- **EXERCISE**: Of all the lines in the entries below, give again exactly those starting at the line containing "Open Scope R_scope." and ending at the line containing "then 1 else 0", both ends included, and no others.

DATA FOR THE TASK Start Marker

Theorem mainTheorem6 (m hbar E U0 l : R) (U : R -> R) (theta : R) (w_plus w_minus : C4) :
  0 < m -> 0 < hbar -> 0 < E -> E < U0 -> 0 < l ->
  piecewise_continuous U ->
  (forall x, x < 0 -> U x = 0) ->
  (forall x, l < x -> U x = U0) ->
  - (PI / 2) < theta < PI / 2 ->
  let kappa := sqrt (2 * m * E) / hbar in
  let a := kappa * sin theta in
  let k := kappa * cos theta in
  let lam := sqrt (a ^ 2 + kappa ^ 2) in
  let KU2 := 2 * m / hbar ^ 2 * (U0 - E) in
  KU2 > a ^ 2 ->
  let kU := sqrt (KU2 - a ^ 2) in
  let lamU := sqrt (a ^ 2 + KU2) in
  let Ut := fun x => 2 * m / hbar ^ 2 * (U x - E) in
  w_plus <> C4zero -> Amul a (- kappa ^ 2) w_plus = C4scale (RtoC lam) w_plus ->
  w_minus <> C4zero -> Amul a KU2 w_minus = C4scale (RtoC (- lamU)) w_minus ->
  let vR := mkC4 (a, k) (RtoC (- kappa ^ 2)) (- a, k) (RtoC (- kappa ^ 2)) in
  let vL := C4conj vR in
  let vR' := mkC4 (a, kU) (RtoC (- KU2)) (a, - kU) (RtoC KU2) in
  let vL' := C4conj vR' in
  let psiR := fun x => C4scale (Cexp (0, k * x)) vR in
  let psiL := fun x => C4scale (Cexp (0, - k * x)) vL in
  let psiP := fun x => C4scale (Cexp (lam * x, 0)) w_plus in
  let phiR := fun x => C4scale (Cexp (0, kU * x)) vR' in
  let phiL := fun x => C4scale (Cexp (0, - kU * x)) vL' in
  let phiM := fun x => C4scale (Cexp (- lamU * x, 0)) w_minus in
  let coeffL := fun (Psi : R -> C4) (a1 a2 : Cx) =>
    exists a3 : Cx, forall x, x < 0 -> Psi x = comb3 a1 psiR a2 psiL a3 psiP x in
  let coeffR := fun (Psi : R -> C4) (a4 a5 : Cx) =>
    exists a6 : Cx, forall x, l < x -> Psi x = comb3 a4 phiR a5 phiL a6 phiM x in
  let inS := fun Psi : R -> C4 =>
    is_solution a Ut Psi /\ (exists a1 a2, coeffL Psi a1 a2) /\
    (exists a4 a5, coeffR Psi a4 a5) in
  (forall a1 a2 : Cx,
     (exists Psi, inS Psi /\ coeffL Psi a1 a2) /\
     (forall Psi Psi', inS Psi -> inS Psi' -> coeffL Psi a1 a2 -> coeffL Psi' a1 a2 ->
        forall x, Psi x = Psi' x)) ->
  (forall a4 a5 : Cx,
     (exists Psi, inS Psi /\ coeffR Psi a4 a5) /\
     (forall Psi Psi', inS Psi -> inS Psi' -> coeffR Psi a4 a5 -> coeffR Psi' a4 a5 ->
        forall x, Psi x = Psi' x)) ->
  let isAnp := fun M : Mat2 =>
    forall (Psi : R -> C4) (a1 a2 a4 a5 : Cx),
      inS Psi -> coeffL Psi a1 a2 -> coeffR Psi a4 a5 ->
      a1 = Cadd (Cmul (m11 M) a4) (Cmul (m12 M) a5) /\
      a2 = Cadd (Cmul (m21 M) a4) (Cmul (m22 M) a5) in
  (exists M, isAnp M) /\
  (forall M, isAnp M -> Mat2_det M = RtoC (kU * (E - U0) / (k * E))).
Proof.
  intros Hm Hh HE HEU Hl Hpc _ _ Htheta kappa a k lam KU2 HKU2 kU lamU Ut
    _ Hwp _ Hwm vR vL vR' vL' psiR psiL psiP phiR phiL phiM coeffL coeffR inS
    _ HbijR isAnp.
  destruct (sqrt_pos_sq (2 * m * E)) as [Hsq Hsq2]; [nra|].
  assert (Hkappa : 0 < kappa) by (apply Rdiv_lt_0_compat; assumption).
  assert (Hkappa2 : kappa ^ 2 = 2 * m * E / hbar ^ 2)
    by (unfold kappa, Rdiv; rewrite Rpow_mult_distr, Hsq2, pow_inv; ring).
  destruct (incidence_components kappa theta Hkappa Htheta) as [Hk Hak]; fold a k in Hk, Hak.
  destruct (sqrt_pos_sq (KU2 - a ^ 2)) as [HkU HkU2]; [lra|]; fold kU in HkU, HkU2.
  destruct (left_basis_symp a k (kappa ^ 2) lam w_plus (-1)) as (HL13 & HL23 & HL12);
    [exact Hak | apply sqrt_pos_sq; nra | exact Hwp |].
  destruct (right_basis_symp a kU KU2 lamU w_minus (l + 1)) as (HR13 & HR23 & HR12);
    [lra | apply sqrt_pos_sq; nra | exact Hwm |].
  destruct (transfer_matrix_exists_det (is_solution a Ut) (fun x => x < 0) (fun x => l < x)
              (-1) (l + 1) psiR psiL psiP phiR phiL phiM) as [Hex Hdet];
    try assumption; [lra | lra | | | intros a4 a5; exact (proj1 (HbijR a4 a5)) |].
  - intros Psi Phi HPsi HPhi. apply (symp_solution_const a Ut); [lra | | assumption ..].
    apply rescaled_piecewise_continuous, Hpc.
  - rewrite (HR12 : symp (phiR (l + 1)) (phiL (l + 1)) = _). intros [=]. nra.
  - split; [exact Hex|]. intros M HM. specialize (Hdet M HM).
    rewrite (HL12 : symp (psiR (-1)) (psiL (-1)) = _),
      (HR12 : symp (phiR (l + 1)) (phiL (l + 1)) = _) in Hdet.
    assert (0 < k * kappa ^ 2) by (apply Rmult_lt_0_compat; [|apply pow_lt]; lra).
    apply (Cmul_reg_r _ _ (0, - 4 * k * kappa ^ 2)); [intros [=]; lra|].
    rewrite Hdet. unfold Cmul, RtoC; cbn [fst snd]. f_equal; [ring|].
    rewrite Hkappa2. unfold KU2. field. lra.
Qed.
(* There are universal constants $C,C'$ such that for all $A<n$ (with $n$ an integer) and all $\Lambda$ with $A\pm\Lambda$ integers, $|\Lambda|\le A-1$, \[ \Pr\bigl[BINGO(A+\Lambda,A-\Lambda;n,n)\bigr]\le\frac{C}{\sqrt{n-A}}e^{-\Lambda^2/(n-A)}, \] and, if moreover $\Lambda\neq0$, this is at most $\frac{C'}{|\Lambda|}e^{-\Lambda^2/(2(n-A))}$.
   Context: Fix $\alpha>1$. Consider the Markov chain on $\mathbb N\times\mathbb N$ which from state $(i,j)$ moves to $(i+1,j)$ with probability $i^\alpha/(i^\alpha+j^\alpha)$ and to $(i,j+1)$ with probability $j^\alpha/(i^\alpha+j^\alpha)$. For states $(a,b)$, $(c,d)$, $BINGO(a,b;c,d)$ denotes the event that this chain, started at state $(a,b)$, visits the state $(c,d)$. *)

From Stdlib Require Import Reals Arith.
Open Scope R_scope.

(* i^alpha for natural i (with 0^alpha = 0, as alpha > 0). *)
Definition npow (alpha : R) (i : nat) : R :=
  match i with O => 0 | _ => Rpower (INR i) alpha end.

Definition pstepR (alpha : R) (i j : nat) : R :=
  npow alpha i / (npow alpha i + npow alpha j).
Definition pstepU (alpha : R) (i j : nat) : R :=
  npow alpha j / (npow alpha i + npow alpha j).

Fixpoint at_after (alpha : R) (k a b c d : nat) : R :=
  match k with
  | O => if andb (Nat.eqb a c) (Nat.eqb b d) then 1 else 0
  | S k' => pstepR alpha a b * at_after alpha k' (S a) b c d
            + pstepU alpha a b * at_after alpha k' a (S b) c d
  end.

(* Pr[BINGO(a,b;c,d)]: since each step increases i+j by exactly one, the chain
   visits (c,d) iff it is at (c,d) at time (c+d)-(a+b). *)
Definition bingo (alpha : R) (a b c d : nat) : R :=
  if Nat.leb (a + b) (c + d) then at_after alpha (c + d - (a + b)) a b c d else 0.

DATA FOR THE TASK End Marker

- **RESULT OF THE TASK**:
Open Scope R_scope.

(* i^alpha for natural i (with 0^alpha = 0, as alpha > 0). *)
Definition npow (alpha : R) (i : nat) : R :=
  match i with O => 0 | _ => Rpower (INR i) alpha end.

Definition pstepR (alpha : R) (i j : nat) : R :=
  npow alpha i / (npow alpha i + npow alpha j).
Definition pstepU (alpha : R) (i j : nat) : R :=
  npow alpha j / (npow alpha i + npow alpha j).

Fixpoint at_after (alpha : R) (k a b c d : nat) : R :=
  match k with
  | O => if andb (Nat.eqb a c) (Nat.eqb b d) then 1 else 0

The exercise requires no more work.